Rating 4 out of 5
Reviewed by Mark Broadhead
Missing the (metaphorical) boat is a common fear among travellers. It was the impetus for the trip recounted by Norman Lewis' Golden Earth. In the early 1950s he decides to get to Southeast Asia as soon as possible before it departs with the Chinese sponsored expansion of communism.
So, quick on the heels of visiting Indochina, which he wrote of in The Dragon Apparent, he makes his way to Burma. At the time Burma was riddled with insurgents and warlords, which the newly minted post-colonial government had little influence over. 'On the first morning I bought a newspaper and noted with slight surprise that a ferryboat crossing the river to a suburb of Rangoon had been held up by pirates and three members of the crew killed.'
Nevertheless, dangers aside, a recent traveller to Burma is easily jealous of Lewis' era. Then he could converse with most of the population in pretty fluent English; today broken English is the norm, and only with a small number of people engaged with tourists. Then too the populace wasn't cowered by fifty years of repressive dictatorship. However, other things haven't changed so much: Burmese cuisine is elusive (perhaps rightly so in my limited experience); transportation is slow; and the Burmese themselves are friendliness incarnate.
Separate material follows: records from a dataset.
(* Let $s,t,q,N$ be integers with $0\le s<q$, $1\le t<q$, $N\ge0$, $t\nmid q$ and $\gcd(t,q)=1$. Write $q=\overline qt+\widehat q$ ($1\le\widehat q<t$), $s=\overline st+\widehat s$ ($0\le\widehat s<t$). Let $S^+(s,t,q,N)=\sum_{k=0}^N\lfloor(s+kt)/q\rfloor$, $M=\lfloor(s+Nt)/q\rfloor$, $x_M=(Mq-s)/t$ and $S=\overline q\frac{(M-1)M}2+M(N-\lceil x_M\rceil+1)$. Let $H=\{k\in\mathbb N:(\widehat s-k\widehat q)\bmod t<\widehat q\}$ (the hS-type indices), $J=H\cap\{0,\dots,t-1\}=\{j_0<j_1<\dots<j_{\widehat q-1}\}$, and for a finite set $K$ let $S_K=\sum_{k\in K}k$. Then: (a) if $j_0\ge M$, $S^+(s,t,q,N)=S$; (b.1) if $j_0<M\le j_{\widehat q-1}$, then $S^+(s,t,q,N)=S+S_K$ with $K=H\cap\{0,\dots,M-1\}$; (b.2) if $j_{\widehat q-1}<M$ and $j_0+t\ge M$, then $S^+(s,t,q,N)=S+S_J$; (b.3) if $j_{\widehat q-1}<M$ and $j_0+t<M$, set $u=\lfloor(M-1)/t\rfloor$ and $K=H\cap\{ut,\dots,M-1\}$; then $S^+(s,t,q,N)=S+uS_J+\widehat q\,t\frac{(u-1)u}2+S_K$.
   Context: Here $r\bmod t$ denotes the representative of $r$ in $\{0,\dots,t-1\}$. *)

From HB Require Import structures.
From mathcomp Require Import all_boot all_order all_algebra.
Set Implicit Arguments. Unset Strict Implicit. Unset Printing Implicit Defensive.
Import Order.TTheory GRing.Theory Num.Theory.
Local Open Scope ring_scope.

Definition Splus (s t q N : nat) : nat := (\sum_(0 <= k < N.+1) ((s + k * t) %/ q))%N.

Definition Mval (s t q N : nat) : nat := ((s + N * t) %/ q)%N.

Definition qbar (t q : nat) : nat := (q %/ t)%N.
Definition qhat (t q : nat) : nat := (q %% t)%N.
Definition shat (s t : nat) : nat := (s %% t)%N.

Definition xM (s t q N : nat) : rat :=
  ((Mval s t q N * q)%:R - s%:R) / t%:R.

Definition Sval (s t q N : nat) : rat :=
  let M : rat := (Mval s t q N)%:R in
  (qbar t q)%:R * ((M - 1) * M / 2)
  + M * (N%:R - (Num.ceil (xM s t q N))%:~R + 1).

Definition inH (s t q : nat) (k : nat) : bool :=
  (((shat s t)%:Z - (k * qhat t q)%:Z) %% (t%:Z))%Z < (qhat t q)%:Z.

Definition Jseq (s t q : nat) : seq nat := [seq k <- iota 0 t | inH s t q k].
Definition jj (s t q : nat) (i : nat) : nat := nth 0 (Jseq s t q) i.

Definition SH (s t q : nat) (a b : nat) : nat := (\sum_(a <= k < b | inH s t q k) k)%N.

From HB Require Import structures.
From mathcomp Require Import all_boot all_order all_algebra.
From mathcomp Require Import zify ring lra.
Set Implicit Arguments. Unset Strict Implicit. Unset Printing Implicit Defensive.
Import Order.TTheory GRing.Theory Num.Theory.
Local Open Scope ring_scope.

(* Since t < q, the value M = floor((s + N t)/q) grows by at most one when N
   does.  If it stays put, both S^+ and S grow by M.  If it jumps to M + 1,
   then ceil(x_(M+1)) = N + 1, and ceil(x_M) is obtained from it by
   subtracting floor(q/t) and one more exactly when (s - M q) mod t < q mod t,
   i.e. when M is in H; this defect is the extra term M of the sum over H.
   Hence S^+ = S + sum of the k in H below M.  Finally H is t-periodic with
   exactly q mod t elements j_0 < ... in each period, which turns that sum
   into the four closed forms. *)

Lemma divz_unique (X a r : int) (t : nat) : (0 < t)%N -> 0 <= r < t%:Z ->
  X = a * t%:Z + r -> (X %/ t%:Z)%Z = a.
Proof.
move=> t0 r_bounds ->; rewrite divzMDl; last by rewrite eqz_nat -lt0n.
by rewrite divz_small ?addr0.
Qed.

Lemma divzB_small (X h : int) (t : nat) : (0 < t)%N -> 0 <= h <= t%:Z ->
  ((X - h) %/ t%:Z)%Z = (X %/ t%:Z)%Z - ((X %% t%:Z)%Z < h)%R%:Z.
Proof.
move=> t0 /andP[h0 ht].
have tn0 : t%:Z != 0 by rewrite eqz_nat -lt0n.
have r0 := modz_ge0 X tn0.
have rt : (X %% t%:Z)%Z < t%:Z by rewrite ltz_pmod // ltz_nat.
have eX := divz_eq X t%:Z.
set a := (X %/ t%:Z)%Z in eX *; set r := (X %% t%:Z)%Z in eX r0 rt *.
case: ltP => hr /=.
- by apply: (@divz_unique _ (a - 1) (r - h + t%:Z)) => //; lia.
- by rewrite subr0; apply: (@divz_unique _ a (r - h)) => //; lia.
Qed.

Lemma ceil_divz (R : archiRealFieldType) (X : int) (t : nat) : (0 < t)%N ->
  Num.ceil (X%:~R / t%:R : R) = - ((- X) %/ t%:Z)%Z.
Proof.
move=> t0.
have tn0 : t%:Z != 0 by rewrite eqz_nat -lt0n.
have r0 := modz_ge0 (- X) tn0.
have rt : ((- X) %% t%:Z)%Z < t%:Z by rewrite ltz_pmod // ltz_nat.
have eX := divz_eq (- X) t%:Z.
set a := ((- X) %/ t%:Z)%Z in eX *; set r := ((- X) %% t%:Z)%Z in eX r0 rt *.
have tR : (0 : R) < t%:R by rewrite ltr0n.
have -> : X%:~R / t%:R = (- a)%:~R - r%:~R / t%:R :> R.
  rewrite -[X]opprK eX !rmorphN rmorphD rmorphM /= -[t%:Z%:~R]/(t%:R).
  by field; rewrite lt0r_neq0.
have frac0 : (0 : R) <= r%:~R / t%:R by rewrite divr_ge0 ?ler0z ?ler0n.
have frac1 : r%:~R / t%:R < (1 : R).
  by rewrite ltr_pdivrMr // mul1r -[t%:R]/((t%:Z)%:~R : R) ltr_int.
clearbody a r; apply: ceil_def; rewrite rmorphB /=; lra.
Qed.

Lemma Posz_divn_eq (m d : nat) : m%:Z = (m %/ d)%:Z * d%:Z + (m %% d)%:Z.
Proof. by rewrite -PoszM -PoszD -divn_eq. Qed.

Section ResidueSet.
Variables (s t q : nat).
Hypothesis t_gt0 : (0 < t)%N.

Local Notation qb := (qbar t q).
Local Notation qh := (qhat t q).
Local Notation H := (inH s t q).

Let tZ_neq0 : t%:Z != 0. Proof. by rewrite eqz_nat -lt0n. Qed.
Let qh_bounds : 0 <= qh%:Z <= t%:Z. Proof. by rewrite lez_nat ltnW // ltn_pmod. Qed.

Lemma inH_modz k : H k = (((s%:Z - (k * q)%:Z) %% t%:Z)%Z < qh%:Z).
Proof.
rewrite /inH; congr (_ < _).
have -> : s%:Z - (k * q)%:Z
    = ((s %/ t)%:Z - k%:Z * qb%:Z) * t%:Z + ((shat s t)%:Z - (k * qh)%:Z).
  by rewrite !PoszM (Posz_divn_eq q t) (Posz_divn_eq s t) /qbar /qhat /shat; ring.
by rewrite modzMDl.
Qed.

Lemma inH_addMn k u : H (k + u * t) = H k.
Proof.
rewrite !inH_modz; congr (_ < _).
have -> : s%:Z - ((k + u * t) * q)%:Z
    = (- (u%:Z * q%:Z)) * t%:Z + (s%:Z - (k * q)%:Z).
  by rewrite !PoszM PoszD PoszM; ring.
by rewrite modzMDl.
Qed.

Lemma inH_modn k : H k = H (k %% t).
Proof. by rewrite {1}(divn_eq k t) addnC inH_addMn. Qed.

Lemma divz_subSq k : ((s%:Z - (k.+1 * q)%:Z) %/ t%:Z)%Z
   = ((s%:Z - (k * q)%:Z) %/ t%:Z)%Z - qb%:Z - (H k)%:Z.
Proof.
have -> : s%:Z - (k.+1 * q)%:Z
    = (- qb%:Z) * t%:Z + ((s%:Z - (k * q)%:Z) - qh%:Z).
  by rewrite !PoszM -addn1 PoszD (Posz_divn_eq q t) /qbar /qhat; ring.
by rewrite divzMDl // (divzB_small _ t_gt0 qh_bounds) inH_modz; ring.
Qed.

Lemma count_inH_iota n : (((shat s t)%:Z - (n * qh)%:Z) %/ t%:Z)%Z
   = ((shat s t)%:Z %/ t%:Z)%Z - (count H (iota 0 n))%:Z.
Proof.
elim: n => [|n IHn]; first by rewrite mul0n !subr0.
have -> : (shat s t)%:Z - (n.+1 * qh)%:Z = ((shat s t)%:Z - (n * qh)%:Z) - qh%:Z.
  by rewrite !PoszM -addn1 PoszD; ring.
rewrite (divzB_small _ t_gt0 qh_bounds) IHn -addn1 iotaD count_cat /= addn0 PoszD.
by rewrite /inH; ring.
Qed.

Lemma count_inH_period : count H (iota 0 t) = qh.
Proof.
have := count_inH_iota t.
have -> : (shat s t)%:Z - (t * qh)%:Z = (- qh%:Z) * t%:Z + (shat s t)%:Z.
  by rewrite PoszM; ring.
rewrite divzMDl // => e.
by apply/eqP; rewrite -eqz_nat; apply/eqP; lia.
Qed.

End ResidueSet.

Lemma ceil_sub_div (R : archiRealFieldType) (s t q k : nat) : (0 < t)%N ->
  Num.ceil (((k * q)%:R - s%:R) / t%:R : R) = - ((s%:Z - (k * q)%:Z) %/ t%:Z)%Z.
Proof.
move=> t0; rewrite -[(k * q)%:R]/((k * q)%:Z%:~R : R) -[s%:R]/(s%:Z%:~R : R).
by rewrite -rmorphB ceil_divz // opprB.
Qed.

Lemma SH_nat_recr s t q a b : (a <= b)%N ->
  SH s t q a b.+1 = (SH s t q a b + inH s t q b * b)%N.
Proof.
move=> ab; rewrite /SH big_mkcond big_nat_recr //= -big_mkcond.
by case: (inH s t q b); rewrite ?mul1n ?mul0n.
Qed.

Section MainIdentity.
Variables (s t q N : nat).
Hypotheses (t_gt0 : (0 < t)%N) (t_lt_q : (t < q)%N).

Local Notation M := (Mval s t q N).

Lemma Mval_succ : Mval s t q N.+1 = M \/ Mval s t q N.+1 = M.+1.
Proof.
have q_gt0 : (0 < q)%N by apply: ltn_trans t_lt_q.
have lo : (M <= Mval s t q N.+1)%N.
  by rewrite leq_div2r // leq_add2l leq_mul2r leqnSn orbT.
have hi : (Mval s t q N.+1 <= M.+1)%N.
  rewrite /Mval -[X in (_ <= X)%N](divnMDl 1) // mul1n leq_div2r // mulSn.
  lia.
lia.
Qed.

Lemma Sval_succ_stay : Mval s t q N.+1 = M ->
  Sval s t q N.+1 = Sval s t q N + M%:R.
Proof.
move=> eM; rewrite /Sval /xM eM -[N.+1]addn1 natrD.
by set c := Num.ceil _; ring.
Qed.

Lemma Sval_succ_jump : Mval s t q N.+1 = M.+1 ->
  Sval s t q N.+1 + (inH s t q M * M)%:R = Sval s t q N + M.+1%:R.
Proof.
move=> eM.
have q_gt0 : (0 < q)%N by apply: ltn_trans t_lt_q.
have lo : (s + N * t < M.+1 * q)%N by rewrite ltn_ceil.
have hi : (M.+1 * q <= s + N.+1 * t)%N by rewrite -eM leq_divM.
have ceil_next : Num.ceil (((M.+1 * q)%:R - s%:R) / t%:R : rat) = N.+1%:Z.
  rewrite ceil_sub_div // (@divz_unique _ (- N.+1%:Z)
     (s%:Z + (N.+1 * t)%:Z - (M.+1 * q)%:Z)) ?opprK //; last by ring.
  by apply/andP; split; move: lo hi; rewrite mulSn; lia.
have ceil_cur : Num.ceil (((M * q)%:R - s%:R) / t%:R : rat)
    = N.+1%:Z - (qbar t q)%:Z - (inH s t q M)%:Z.
  by rewrite ceil_sub_div // -[RHS]opprK -ceil_next ceil_sub_div // divz_subSq //; ring.
rewrite /Sval /xM eM ceil_next ceil_cur !rmorphB /= natrM.
rewrite -[M.+1]addn1 -[N.+1]addn1 !natrD.
by field.
Qed.

End MainIdentity.

Lemma Splus_eq_Sval_SH s t q N : (s < q)%N -> (0 < t)%N -> (t < q)%N ->
  (Splus s t q N)%:R = Sval s t q N + (SH s t q 0 (Mval s t q N))%:R :> rat.
Proof.
move=> s_lt_q t_gt0 t_lt_q; elim: N => [|N IHN].
  rewrite /Splus /Sval /Mval big_nat1 mul0n addn0 divn_small //= /SH big_geq //.
  by rewrite !mul0r mulr0 !add0r.
have -> : Splus s t q N.+1 = (Splus s t q N + Mval s t q N.+1)%N.
  by rewrite /Splus big_nat_recr.
rewrite natrD IHN.
have [eM|eM] := Mval_succ s N t_gt0 t_lt_q.
- by rewrite Sval_succ_stay // eM; ring.
- have := Sval_succ_jump t_gt0 t_lt_q eM.
  by rewrite eM SH_nat_recr // natrD; lra.
Qed.

Section PeriodSums.
Variables (s t q : nat).
Hypothesis t_gt0 : (0 < t)%N.

Local Notation qh := (qhat t q).
Local Notation H := (inH s t q).
Local Notation J := (Jseq s t q).
Local Notation j0 := (jj s t q 0).
Local Notation jl := (jj s t q qh.-1).

Lemma Jseq_sorted : sorted leq J.
Proof. by rewrite sorted_filter ?iota_sorted //; apply: leq_trans. Qed.

Lemma size_Jseq : size J = qh.
Proof. by rewrite size_filter count_inH_period. Qed.

Lemma mem_Jseq k : (k \in J) = (k < t)%N && H k.
Proof. by rewrite mem_filter mem_iota add0n andbC. Qed.

Lemma inH_period_bounds k : (k < t)%N -> H k -> (j0 <= k <= jl)%N.
Proof.
move=> kt Hk.
have kJ : k \in J by rewrite mem_Jseq kt Hk.
have ik : (index k J < qh)%N by rewrite -size_Jseq index_mem.
have leJ := sorted_leq_nth leq_trans leqnn 0 Jseq_sorted.
rewrite -(nth_index 0 kJ) /jj; move: ik; case qhE: (qhat t q) => [//|n] ik.
by apply/andP; split; apply: leJ; rewrite ?unfold_in /= ?size_Jseq ?qhE.
Qed.

Lemma inH_modn_bounds k : H k -> (j0 <= k %% t <= jl)%N.
Proof. by move=> Hk; rewrite inH_period_bounds ?ltn_pmod // -inH_modn. Qed.

Lemma SH_eq0 a b : (forall k, (a <= k < b)%N -> ~~ H k) -> SH s t q a b = 0%N.
Proof.
by move=> noH; rewrite /SH big_nat_cond big1 // => k /andP[/noH/negPf->].
Qed.

Lemma SH_cat a b c : (a <= b)%N -> (b <= c)%N ->
  SH s t q a c = (SH s t q a b + SH s t q b c)%N.
Proof. by move=> ab bc; rewrite /SH (big_cat_nat ab bc). Qed.

Lemma SH_period_block u : SH s t q (u * t) (u * t + t) = (SH s t q 0 t + u * t * qh)%N.
Proof.
rewrite /SH -{1}[(u * t)%N]add0n big_addn addKn.
under eq_bigl => i do rewrite inH_addMn.
rewrite big_split /= -big_filter big_const_seq iter_addn_0 big_filter.
by rewrite /index_iota subn0 count_inH_period.
Qed.

Lemma SH_periods u : (SH s t q 0 (u * t))%:R
  = u%:R * (SH s t q 0 t)%:R + qh%:R * t%:R * ((u%:R - 1) * u%:R / 2) :> rat.
Proof.
elim: u => [|u IHu]; first by rewrite mul0n /SH big_geq //; field.
rewrite mulSnr (SH_cat (leq0n (u * t)) (leq_addr t _)) SH_period_block natrD IHu.
by rewrite !natrD !natrM -addn1 natrD; field.
Qed.

Lemma SH_below_jj0 M : (M <= j0)%N -> SH s t q 0 M = 0%N.
Proof.
move=> Mj0; apply: SH_eq0 => k /andP[_ kM]; apply: contraTN kM => Hk.
have /andP[j0k _] := inH_modn_bounds Hk.
by rewrite -leqNgt (leq_trans Mj0) // (leq_trans j0k) // leq_mod.
Qed.

Lemma SH_one_period M : (jl < M)%N -> (M <= j0 + t)%N -> SH s t q 0 M = SH s t q 0 t.
Proof.
move=> jlM Mj0t; have [Mt|tM] := leqP M t.
  rewrite (SH_cat (leq0n M) Mt) [X in (_ + X)%N]SH_eq0 ?addn0 // => k.
  case/andP=> Mk kt; apply/negP=> Hk.
  have := inH_modn_bounds Hk; rewrite modn_small //; lia.
rewrite (SH_cat (leq0n t) (ltnW tM)) [X in (_ + X)%N]SH_eq0 ?addn0 // => k.
case/andP=> tk kM; apply/negP=> Hk.
have /andP[j0k _] := inH_modn_bounds Hk.
have : (k %% t + t <= k)%N.
  rewrite {2}(divn_eq k t) addnC leq_add2r.
  by rewrite -[X in (X <= _)%N]mul1n leq_mul2r divn_gt0 // tk orbT.
lia.
Qed.

End PeriodSums.

Theorem theorem9 (s t q N : nat)
  (hs : (s < q)%N) (ht1 : (1 <= t)%N) (htq : (t < q)%N)
  (hndvd : ~~ (t %| q)%N) (hcop : coprime t q) :
  let M := Mval s t q N in
  let S := Sval s t q N in
  let j0 := jj s t q 0 in
  let jl := jj s t q (qhat t q).-1 in
  let SJ := SH s t q 0 t in
  [/\ (M <= j0)%N -> (Splus s t q N)%:R = S,
      (j0 < M)%N -> (M <= jl)%N -> (Splus s t q N)%:R = S + (SH s t q 0 M)%:R,
      (jl < M)%N -> (M <= j0 + t)%N -> (Splus s t q N)%:R = S + SJ%:R
    & (jl < M)%N -> (j0 + t < M)%N ->
      let u := ((M - 1) %/ t)%N in
      (Splus s t q N)%:R =
        S + u%:R * SJ%:R + (qhat t q)%:R * t%:R * ((u%:R - 1) * u%:R / 2)
          + (SH s t q (u * t) M)%:R :> rat].
Proof.
move=> M S j0 jl SJ.
have main := Splus_eq_Sval_SH N hs ht1 htq; rewrite -/M -/S in main.
split=> [Mj0 | _ _ | jlM Mj0t | _ _ u]; rewrite main //.
- by rewrite SH_below_jj0 ?addr0.
- by rewrite SH_one_period.
- have uM : (u * t <= M)%N by rewrite (leq_trans (leq_divM _ _)) ?leq_subr.
  by rewrite (SH_cat _ _ _ (leq0n _) uM) natrD SH_periods //; ring.
Qed.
The three strengths of Golden Earth are Lewis' desire to get off the beaten path, his historical research, and his ability to write. Strangely, the latter is all too often missing from so-called 'travel writers'. In Lewis' writing, though, you'll find a master scene setter and a knight of understated humour. Here, for instance, is Lewis describing his presence at a formal reception: 'Fortunately, Orientals are not obsessed by the necessity of keeping up polite conversation. It is sufficient to contribute an occasional remark; to produce for the benefit of those sitting opposite, a smile, which, indeed, tends after a time to stiffen into the kind of grimace produced at the demand of the old-fashioned photographer.'
Golden Earth is a pleasure to read, and informative of the character and history of Burma.
Mark Broadhead is the Research Librarian at Lonely Planet's Melbourne office. He visited Burma in January 2011.